» The problem: Your answer should consist only of the lines below from the one with "rewrite inE => /exists_inP[f" through the one with "rewrite rcons_path last_rcons", copied exactly.

» Records shown:
# # #

(* Every bipartite graph $G$ is strongly $\Delta(G)$-edge-orientable.
   Context: An orientation of a graph $H$ is any digraph obtained by replacing each edge $uv$ with the arc $(u,v)$, with the arc $(v,u)$, or with both arcs. A kernel of a digraph $D$ is an independent set $S$ such that every vertex of $D-S$ has an out-neighbor in $S$. $D$ is kernel-perfect if every induced subdigraph of $D$ has a kernel. For $f:V(H)\to\mathbb{N}$, an orientation $D$ of $H$ is $f$-kernel-perfect if it is kernel-perfect and $f(v)\ge 1+d^+_D(v)$ for all $v$. For $f:E(G)\to\mathbb{N}$, $G$ is $f$-edge-orientable if its line graph $L(G)$ admits an $f$-kernel-perfect orientation. For $v\in V(G)$, define $f_{k,v}:E(G)\to\mathbb{N}$ by $f_{k,v}(e)=d_G(v)$ if $e$ is incident to $v$, and $f_{k,v}(e)=k$ otherwise. $G$ is strongly $k$-edge-orientable if $G$ is $f_{k,v}$-edge-orientable for every $v\in V(G)$. *)

(* Finite simple graphs as symmetric irreflexive relations. *)
From mathcomp Require Import all_boot.
Set Implicit Arguments. Unset Strict Implicit. Unset Printing Implicit Defensive.

Section Digraphs.
Variable X : finType.

Definition is_orientation (h : rel X) (arc : rel X) : Prop :=
  (forall x y, arc x y -> h x y) /\ (forall x y, h x y -> arc x y || arc y x).

Definition is_kernel_in (arc : rel X) (A S : {set X}) : Prop :=
  S \subset A /\
  (forall x y, x \in S -> y \in S -> ~~ arc x y) /\
  (forall x, x \in A -> x \notin S -> exists2 y, y \in S & arc x y).

Definition kernel_perfect (arc : rel X) : Prop :=
  forall A : {set X}, exists S : {set X}, is_kernel_in arc A S.

Definition outdeg (arc : rel X) (x : X) : nat := #|[set y | arc x y]|.

Definition f_kernel_perfect_orientation (h : rel X) (f : X -> nat) (arc : rel X) :=
  [/\ is_orientation h arc, kernel_perfect arc &
      forall x, 1 + outdeg arc x <= f x].
End Digraphs.

Section Graphs.
Variable V : finType.
Variable adj : rel V.

Definition deg (v : V) : nat := #|[set u | adj v u]|.
Definition maxdeg : nat := \max_(v : V) deg v.

Definition bipartite : Prop :=
  exists c : V -> bool, forall u v, adj u v -> c u != c v.

Definition is_edge (e : {set V}) : bool := [exists u, exists v, adj u v && (e == [set u; v])].
Definition edge := {e : {set V} | is_edge e}.

Definition line_adj : rel edge :=
  fun e1 e2 => (e1 != e2) && [exists w, (w \in val e1) && (w \in val e2)].

Definition f_edge_orientable (f : edge -> nat) : Prop :=
  exists arc : rel edge, f_kernel_perfect_orientation line_adj f arc.

Definition f_kv (k : nat) (v : V) : edge -> nat :=
  fun e => if v \in val e then deg v else k.

Definition strongly_edge_orientable (k : nat) : Prop :=
  forall v : V, f_edge_orientable (f_kv k v).
End Graphs.

From mathcomp Require Import all_boot perm zify.
Set Implicit Arguments. Unset Strict Implicit. Unset Printing Implicit Defensive.

(* Colour the edges of G properly with Delta colours (Koenig's theorem, via Kempe
   chains) and rank each edge by its colour, the colours used at v being moved
   below all others if v lies on the a-side of the bipartition and above them
   otherwise.  In L(G), let an edge point to the edges sharing an end with it that
   this end prefers: an a-end prefers higher rank, a b-end lower rank.  A kernel of
   such an orientation is a stable matching, so Gale-Shapley makes it
   kernel-perfect.  Properness of the colouring makes the colours of e and of its
   out-neighbours pairwise distinct, so outdeg e < Delta; when e contains v the
   choice of ranks forces all these colours to be used at v, so outdeg e < deg v. *)

Section StableArc.
Variables (E A B : finType) (a : E -> A) (b : E -> B) (r : E -> nat).

Definition stable_arc : rel E := fun e e' =>
  ((a e == a e') && (r e < r e')) || ((b e == b e') && (r e' < r e)).

Lemma stable_arc_irr : irreflexive stable_arc.
Proof. by move=> e; rewrite /stable_arc ltnn !andbF. Qed.

Lemma stable_arc_ends e e' : stable_arc e e' -> (a e == a e') || (b e == b e').
Proof. by case/orP=> /andP[-> _]; rewrite ?orbT. Qed.

Hypothesis ra : forall e e', a e = a e' -> r e = r e' -> e = e'.

Section GaleShapley.
Variable S : {set E}.

(* a-ends propose along their best remaining edge; a b-end rejects every proposal
   but its best one, and [R] collects the rejected edges. *)

Definition proposals (R : {set E}) := [set e in S :\: R |
  [forall e' in S :\: R, (a e' == a e) ==> (r e' <= r e)]].

Definition rejected (R : {set E}) := [set e in proposals R |
  [exists e' in proposals R, (b e' == b e) && (r e' < r e)]].

Definition gs_invariant (R : {set E}) := R \subset S /\
  forall e, e \in R -> exists2 e', e' \in proposals R & (b e' == b e) && (r e' < r e).

Lemma gs_invariant0 : gs_invariant set0.
Proof. by split=> [|e]; rewrite ?sub0set ?inE. Qed.

Lemma proposals_sub R : proposals R \subset S :\: R.
Proof. by apply/subsetP=> e; rewrite inE => /andP[]. Qed.

Lemma rejected_sub R : rejected R \subset proposals R.
Proof. by apply/subsetP=> e; rewrite inE => /andP[]. Qed.

Lemma proposals_kernel R :
  gs_invariant R -> rejected R = set0 -> is_kernel_in stable_arc S (proposals R).
Proof.
move=> [_ displaced] no_rejected; split; [|split].
- exact: subset_trans (proposals_sub R) (subsetDl S R).
- move=> x y xP yP; apply/negP=> /orP[/andP[/eqP axy rxy]|/andP[/eqP bxy ryx]].
    move: xP; rewrite inE => /andP[_ /forall_inP/(_ y)].
    by rewrite (subsetP (proposals_sub R)) // axy eqxx leqNgt rxy => /(_ isT).
  suff : x \in rejected R by rewrite no_rejected inE.
  by rewrite inE xP; apply/exists_inP; exists y; rewrite // bxy eqxx.
move=> x xS xP; case xR: (x \in R).
  have [e' e'P /andP[/eqP be' re']] := displaced x xR.
  by exists e'; rewrite // /stable_arc be' eqxx re' orbT.
pose P t := (t \in S :\: R) && (a t == a x).
have Px : P x by rewrite /P inE xR xS eqxx.
have [t /andP[tSR /eqP atx] tmax] := arg_maxnP r Px.
have tP : t \in proposals R.
  rewrite inE tSR; apply/forall_inP=> e' e'SR; apply/implyP=> /eqP ae'.
  by apply: tmax; rewrite /P e'SR ae' atx eqxx.
exists t => //; rewrite /stable_arc atx eqxx ltn_neqAle (tmax x Px : r x <= r t) andbT.
by apply/orP; left; apply: contraNneq xP => rxt; rewrite (ra (esym atx) rxt).
Qed.

Lemma gs_invariantU R : gs_invariant R -> gs_invariant (R :|: rejected R).
Proof.
move=> [RS displaced]; split.
  rewrite subUset RS; apply: subset_trans (rejected_sub R) _.
  exact: subset_trans (proposals_sub R) (subsetDl S R).
move=> e eR'.
have [e0 e0P /andP[/eqP be0 re0]] :
    exists2 e0, e0 \in proposals R & (b e0 == b e) && (r e0 < r e).
  by case/setUP: eR' => [/displaced //|]; rewrite inE => /andP[_ /exists_inP].
pose P h := (h \in proposals R) && (b h == b e).
have Pe0 : P e0 by rewrite /P e0P be0 eqxx.
have [h /andP[hP /eqP bh] hmin] := arg_minnP r Pe0.
have hNrej : h \notin rejected R.
  rewrite inE hP; apply/exists_inP=> -[e' e'P /andP[/eqP be' re']].
  by move: (hmin e'); rewrite /P e'P be' bh eqxx leqNgt re' => /(_ isT).
exists h; last by rewrite bh eqxx (leq_ltn_trans (hmin _ Pe0) re0).
have hSR : h \in S :\: R := subsetP (proposals_sub R) h hP.
rewrite inE in_setD in_setU (negbTE hNrej) orbF -in_setD hSR /=.
move: hP; rewrite inE => /andP[_ /forall_inP hmax]; apply/forall_inP=> e' e'SR.
by apply: hmax; move: e'SR; rewrite !in_setD in_setU negb_or => /andP[/andP[-> _] ->].
Qed.

Lemma stable_arc_kernel_in : exists K, is_kernel_in stable_arc S K.
Proof.
suff gale_shapley n R :
    #|S :\: R| <= n -> gs_invariant R -> exists K, is_kernel_in stable_arc S K.
  exact: (gale_shapley _ set0 (leqnn _) gs_invariant0).
elim: n R => [|n IH] R szR invR.
  exists (proposals R); apply: proposals_kernel => //; apply/eqP.
  rewrite -subset0 -(_ : S :\: R = set0); last by apply/eqP; rewrite -cards_eq0 -leqn0.
  exact: subset_trans (rejected_sub R) (proposals_sub R).
have [no_rej|/set0Pn[z zrej]] := eqVneq (rejected R) set0.
  by exists (proposals R); apply: proposals_kernel.
apply: (IH (R :|: rejected R)); last exact: gs_invariantU.
rewrite -ltnS (leq_trans _ szR) // proper_card //; apply/properP; split.
  by apply/subsetP=> x; rewrite !inE negb_or => /andP[/andP[-> _] ->].
exists z; last by rewrite in_setD in_setU zrej orbT.
by move: zrej; rewrite !inE => /andP[/andP[/andP[-> ->]]].
Qed.
End GaleShapley.

Lemma kernel_perfect_stable_arc : kernel_perfect stable_arc.
Proof. exact: stable_arc_kernel_in. Qed.

Hypothesis rb : forall e e', b e = b e' -> r e = r e' -> e = e'.

Lemma stable_arc_total e e' :
  e != e' -> (a e == a e') || (b e == b e') -> stable_arc e e' || stable_arc e' e.
Proof.
move=> ne ends; have : r e != r e'.
  apply: contraNneq ne => req; apply/eqP.
  by case/orP: ends => /eqP same; [exact: ra | exact: rb].
rewrite /stable_arc neq_ltn.
by case/orP: ends => /eqP ->; rewrite eqxx /= => /orP[] ->; rewrite ?orbT.
Qed.

Lemma stable_arc_rank_inj e : {in e |: [set e' | stable_arc e e'] &, injective r}.
Proof.
move=> x y; rewrite !inE /stable_arc.
case/predU1P=> [->|/orP[]/andP[/eqP sx ltx]];
  case/predU1P=> [->|/orP[]/andP[/eqP sy lty]] //; try lia; move=> rxy.
- by apply: ra; rewrite // -sx -sy.
- by apply: rb; rewrite // -sx -sy.
Qed.
End StableArc.

Section EdgeColouring.
Variables (E A B : finType) (a : E -> A) (b : E -> B) (D : nat).

Definition proper_on (F : {set E}) (col : E -> 'I_D) :=
  {in F &, forall e e', a e = a e' -> col e = col e' -> e = e'} /\
  {in F &, forall e e', b e = b e' -> col e = col e' -> e = e'}.

Lemma exists_free_colour (T : finType) (p : E -> T) (F : {set E}) (col : E -> 'I_D) e0 :
  #|[set e | p e == p e0]| <= D -> e0 \notin F ->
  exists al : 'I_D, forall e, e \in F -> p e = p e0 -> col e != al.
Proof.
move=> degD e0F; pose used := [set col e | e in F & p e == p e0].
have : ~~ ([set: 'I_D] \subset used).
  apply/negP=> /subset_leq_card; rewrite cardsT card_ord; apply/negP; rewrite -ltnNge.
  apply: leq_ltn_trans (leq_imset_card _ _) (leq_trans _ degD); apply: proper_card.
  apply/properP; split; first by apply/subsetP=> e; rewrite !inE => /andP[].
  by exists e0; rewrite !inE ?eqxx // (negbTE e0F).
case/subsetPn=> al _ al_free; exists al => e eF pe; apply: contraNneq al_free => <-.
by apply/imsetP; exists e; rewrite // inE eF pe eqxx.
Qed.

Section Kempe.
Variables (F : {set E}) (col : E -> 'I_D) (e0 : E) (al be : 'I_D).
Hypothesis e0F : e0 \notin F.
Hypothesis colP : proper_on F col.
Hypothesis al_free : forall e, e \in F -> a e = a e0 -> col e != al.
Hypothesis be_free : forall e, e \in F -> b e = b e0 -> col e != be.

Definition kempe_step : rel E := fun f g => (g \in F) &&
  ((col f == al) && (col g == be) && (a f == a g) ||
   (col f == be) && (col g == al) && (b f == b g)).

(* The al/be-alternating path leaving [b e0] along its al-edge, if any: al-edges
   are left through their a-end and be-edges through their b-end. *)
Definition kempe_chain := [set g | [exists f in F,
  [&& b f == b e0, col f == al & connect kempe_step f g]]].

Lemma kempe_chainP g : g \in kempe_chain ->
  g \in F /\ (b g = b e0 /\ col g = al \/ exists2 f, f \in kempe_chain & kempe_step f g).
Proof.
rewrite inE => /exists_inP[f fF /and3P[/eqP bf /eqP colf /connectP[p fp ->]]].
case/lastP: p fp => [_|p g' ]; first by split; [|left].
rewrite rcons_path last_rcons => /andP[fp step]; split; first by case/andP: step.
right; exists (last f p) => //; rewrite inE; apply/exists_inP; exists f => //.
by rewrite bf colf !eqxx; apply/connectP; exists p.
Qed.

Lemma kempe_chain_step f g : f \in kempe_chain -> kempe_step f g -> g \in kempe_chain.
Proof.
rewrite !inE => /exists_inP[f0 f0F /and3P[bf0 colf0 conn]] step.
by apply/exists_inP; exists f0; rewrite // bf0 colf0 (connect_trans conn (connect1 step)).
Qed.

Lemma kempe_chain_avoids_a g : g \in kempe_chain -> a g = a e0 -> col g != be.
Proof.
move=> /kempe_chainP[gF [[_ colg]|[f /kempe_chainP[fF _] step]]] ag.
  by move: (al_free gF ag); rewrite colg eqxx.
case/andP: step => _ /orP[/andP[/andP[/eqP colf _] /eqP af]|/andP[/andP[_ /eqP colg] _]].
  by move: (al_free fF (etrans af ag)); rewrite colf eqxx.
by move: (al_free gF ag); rewrite colg eqxx.
Qed.

Lemma kempe_chain_col g : g \in kempe_chain -> (col g == al) || (col g == be).
Proof.
case/kempe_chainP=> _ [[_ ->]|[f _ /andP[_ step]]]; first by rewrite eqxx.
by case/orP: step => /andP[/andP[_ ->]]; rewrite ?orbT.
Qed.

# # #

» Completed task:
rewrite inE => /exists_inP[f fF /and3P[/eqP bf /eqP colf /connectP[p fp ->]]].
case/lastP: p fp => [_|p g' ]; first by split; [|left].
rewrite rcons_path last_rcons => /andP[fp step]; split; first by case/andP: step.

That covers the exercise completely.